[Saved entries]

★ ★ ★ ★

Lemma G_measurable_measurable_fun (f : Om -> R) :
  G_measurable G f -> measurable_fun setT f.
Proof. by move=> Gf _ B mB; rewrite setTI; exact/hG.2/Gf. Qed.

Lemma G_measurable_cst (r : R) : G_measurable G (cst r).
Proof. exact/G_measurableP/measurable_cst. Qed.

Lemma G_measurable_indic (A : set Om) : G A -> G_measurable G (\1_A : Om -> R).
Proof.
by move=> GA; apply/G_measurableP/measurable_indic; rewrite g_sigma_measurableE.
Qed.

Lemma G_measurableD (f g : Om -> R) :
  G_measurable G f -> G_measurable G g -> G_measurable G (f \+ g).
Proof.
by move=> /G_measurableP mf /G_measurableP mg; exact/G_measurableP/measurable_funD.
Qed.

Lemma G_measurableB (f g : Om -> R) :
  G_measurable G f -> G_measurable G g -> G_measurable G (f \- g).
Proof.
by move=> /G_measurableP mf /G_measurableP mg; exact/G_measurableP/measurable_funB.
Qed.

Lemma G_measurableM (f g : Om -> R) :
  G_measurable G f -> G_measurable G g -> G_measurable G (f \* g).
Proof.
by move=> /G_measurableP mf /G_measurableP mg; exact/G_measurableP/measurable_funM.
Qed.

Lemma G_measurable_expR (f : Om -> R) :
  G_measurable G f -> G_measurable G (fun x => expR (f x)).
Proof.
move=> /G_measurableP mf; apply/G_measurableP.
by apply: measurableT_comp; [exact: measurable_expR | exact: mf].
Qed.

End sub_sigma_algebra.

Section cond_mean_le.
Context d (Om : measurableType d) (R : realType) (mu : {measure set Om -> \bar R}).

(* Integrated form of E[V | G] <= c. *)
Definition cond_mean_le (G : set (set Om)) (V : Om -> R) (c : R) :=
  forall B, G B -> (\int[mu]_(x in B) (V x)%:E <= c%:E * mu B)%E.

Lemma integral_ae_le_cst (B : set Om) (g : Om -> R) (c : R) :
  measurable B -> 0 <= c -> measurable_fun setT g ->
  {ae mu, forall w, g w <= c} ->
  (\int[mu]_(x in B) (g x)%:E <= c%:E * mu B)%E.
Proof.
move=> mB c0 mg gc.
rewrite integralE -integral_cst//.
apply: (@le_trans _ _ (\int[mu]_(x in B) (EFin \o g)^\+ x)%E).
  rewrite -[leRHS]adde0 leeD// oppe_le0.
  by apply: integral_ge0 => x _; exact: funeneg_ge0.
apply: ae_ge0_le_integral => //.
- apply/measurable_funepos/measurable_EFinP.
  exact: measurable_funS measurableT (@subsetT _ B) mg.
- apply: filterS gc => x gxc _ /=.
  by rewrite funeposE /= ge_max !lee_fin gxc c0.
Qed.

Lemma integral_indicM (B : set Om) (V : Om -> R) :
  (\int[mu]_x (\1_B x * V x)%:E = \int[mu]_(x in B) (V x)%:E)%E.
Proof.
rewrite [RHS]integral_mkcond; apply: eq_integral => x _.
by rewrite patchE indicE; case: (x \in B); rewrite /= ?mul1r ?mul0r.
Qed.

Variables (G : set (set Om)) (V : Om -> R) (c : R).
Hypotheses (hG : Defs.sub_sigma_algebra G) (c0 : 0 <= c).
Hypotheses (V0 : forall x, 0 <= V x) (mV : measurable_fun setT V).
Hypothesis hV : cond_mean_le G V c.

Lemma cond_mean_le_indic (a : R) (B : set Om) : 0 <= a -> G B ->
  (\int[mu]_x (a * \1_B x * V x)%:E <= c%:E * \int[mu]_x (a * \1_B x)%:E)%E.
Proof.
move=> a0 GB; have mB := sub_sigma_algebra_measurable hG GB.
have mBf : measurable_fun setT (\1_B : Om -> R) by exact: measurable_indic.
under eq_integral do rewrite -mulrA EFinM.
under [X in (_ <= _ * X)%E]eq_integral do rewrite EFinM.
rewrite !ge0_integralZl_EFin//.
- by rewrite integral_indicM integral_indic// setIT muleCA lee_wpmul2l ?lee_fin ?hV.
- exact/measurable_EFinP.
- by move=> x _; rewrite lee_fin mulr_ge0.
- exact/measurable_EFinP/measurable_funM.
Qed.

Lemma cond_mean_le_sum_indic (I : Type) (s : seq I) (a : I -> R) (A : I -> set Om) :
  (forall i, 0 <= a i) -> (forall i, G (A i)) ->
  (\int[mu]_x ((\sum_(i <- s) a i * \1_(A i) x) * V x)%:E
     <= c%:E * \int[mu]_x (\sum_(i <- s) a i * \1_(A i) x)%:E)%E.
Proof.
move=> a0 GA.
have mA i : measurable_fun setT (\1_(A i) : Om -> R).
  exact/measurable_indic/(sub_sigma_algebra_measurable hG).
have msum r : measurable_fun setT (fun x => \sum_(i <- r) a i * \1_(A i) x).
  by apply: measurable_sum => i; exact: measurable_funM.
have sum0 r x : 0 <= \sum_(i <- r) a i * \1_(A i) x.
  by apply: sumr_ge0 => i _; rewrite mulr_ge0.
elim: s => [|i s IH].
  under eq_integral do rewrite big_nil mul0r.
  under [X in (_ <= _ * X)%E]eq_integral do rewrite big_nil.
  by rewrite integral0 mule0.
under eq_integral do rewrite big_cons mulrDl EFinD.
under [X in (_ <= _ * X)%E]eq_integral do rewrite big_cons EFinD.
rewrite !ge0_integralD//; last 8 first.
- by move=> x _; rewrite lee_fin mulr_ge0.
- exact/measurable_EFinP/measurable_funM.
- by move=> x _; rewrite lee_fin.
- exact/measurable_EFinP.
- by move=> x _; rewrite lee_fin !mulr_ge0.
- exact/measurable_EFinP/measurable_funM/mV/measurable_funM.
- by move=> x _; rewrite lee_fin mulr_ge0.
- exact/measurable_EFinP/measurable_funM.
rewrite ge0_muleDr; last 2 first.
- by apply: integral_ge0 => x _; rewrite lee_fin mulr_ge0.
- by apply: integral_ge0 => x _; rewrite lee_fin.
by rewrite leeD// cond_mean_le_indic.
Qed.

Section dyadic_approximation.
Variable Z : Om -> R.
Hypotheses (Z0 : forall x, 0 <= Z x) (GZ : G_measurable G Z).

Let f := EFin \o Z.

(* [approx setT f n] as a single weighted sum of indicators: [Some k] indexes
   the dyadic level sets, [None] the set where [Z] exceeds [n]. *)
Let a n (i : option nat) : R := if i is Some k then k%:R * 2 ^- n else n%:R.
Let A n (i : option nat) : set Om :=
  if i is Some k then dyadic_approx setT f n k else integer_approx setT f n.
Let idx n := None :: map Some (iota 0 (n * 2 ^ n)).

Let GA n i : G (A n i).
Proof.
have G0 : G set0 by case: hG => -[].
case: i => [k|] /=; last first.
  have -> : integer_approx setT f n = Z @^-1` `[n%:R, +oo[.
    by apply/seteqP; split => x; rewrite /integer_approx /= in_itv /= andbT lee_fin;
      [case | split].
  by apply: GZ; exact: measurable_itv.
rewrite /dyadic_approx; case: ifP => _ //.
have -> : setT `&` [set x | f x \in EFin @` [set` dyadic_itv R n k]] =
          Z @^-1` [set` dyadic_itv R n k].
  apply/seteqP; split => x; rewrite /= inE.
    by move=> [_ [r rI [<-]]].
  by move=> Zx; split => //; exists (Z x).
by apply: GZ; exact: measurable_itv.
Qed.

Let approxE n x : approx setT f n x = \sum_(i <- idx n) a n i * \1_(A n i) x.
Proof.
rewrite /approx /idx big_cons big_map addrC; congr (_ + _).
rewrite -(big_mkord xpredT (fun k => k%:R / 2 ^+ n * \1_(dyadic_approx setT f n k) x)).
by rewrite /index_iota subn0.
Qed.

Let approx_ge0 n x : 0 <= approx setT f n x.
Proof.
rewrite approxE; apply: sumr_ge0 => -[k|] _; apply: mulr_ge0;
  by rewrite /= ?indicE ?divr_ge0 ?exprn_ge0.
Qed.

Let measurable_approx n : measurable_fun setT (approx setT f n).
Proof.
rewrite (_ : approx setT f n = fun x => \sum_(i <- idx n) a n i * \1_(A n i) x).
  apply: measurable_sum => i; apply: measurable_funM => //.
  exact/measurable_indic/(sub_sigma_algebra_measurable hG).
by apply/funext => x; exact: approxE.
Qed.

Let approx_bound n :
  (\int[mu]_x (approx setT f n x * V x)%:E <= c%:E * \int[mu]_x (Z x)%:E)%E.
Proof.
under eq_integral do rewrite approxE.
have a0 i : 0 <= a n i by case: i => [k|] /=; rewrite ?divr_ge0 ?exprn_ge0.
apply: le_trans (cond_mean_le_sum_indic (idx n) a0 (GA n)) _.
rewrite lee_wpmul2l ?lee_fin//.
under eq_integral do rewrite -approxE.
apply: ge0_le_integral => //.
- by move=> x _; rewrite lee_fin.
- exact/measurable_EFinP.
- exact/measurable_EFinP/(G_measurable_measurable_fun hG).
- by move=> x _; apply: le_approx => // y _; rewrite lee_fin.
Qed.

Lemma cond_mean_le_mul :
  (\int[mu]_x (Z x * V x)%:E <= c%:E * \int[mu]_x (Z x)%:E)%E.
Proof.
pose g n x := (approx setT f n x * V x)%:E.
have mZ := G_measurable_measurable_fun hG GZ.
have mg n : measurable_fun setT (g n).
  exact/measurable_EFinP/measurable_funM.
have g0 n x : setT x -> (0 <= g n x)%E by move=> _; rewrite lee_fin mulr_ge0.
have ndg x : setT x -> {homo g^~ x : n m / (n <= m)%N >-> (n <= m)%E}.
  move=> _ n m nm; rewrite lee_fin ler_wpM2r//.
  by have /lefP := nd_approx setT f nm; apply.
have limg x : limn (g^~ x) = (Z x * V x)%:E.
  apply: (cvg_lim (@ereal_hausdorff R)); apply: cvg_EFin; first exact: nearW.
  apply: cvgMr_tmp; apply: cvg_approx => //; last exact: ltry.
  by move=> y _; rewrite lee_fin.
have -> : (\int[mu]_x (Z x * V x)%:E = \int[mu]_x limn (g^~ x))%E.
  by apply: eq_integral => x _; rewrite limg.
rewrite monotone_convergence//; apply: lime_le.
  exact: cvgP (cvg_monotone_convergence _ _ _ _).
by apply: nearW => n; exact: approx_bound.
Qed.

End dyadic_approximation.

★ ★ ★ ★

Look through the data above for the word "option". Report each line where it occurs.

**Completed exercise:**
Let a n (i : option nat) : R := if i is Some k then k%:R * 2 ^- n else n%:R.
Let A n (i : option nat) : set Om :=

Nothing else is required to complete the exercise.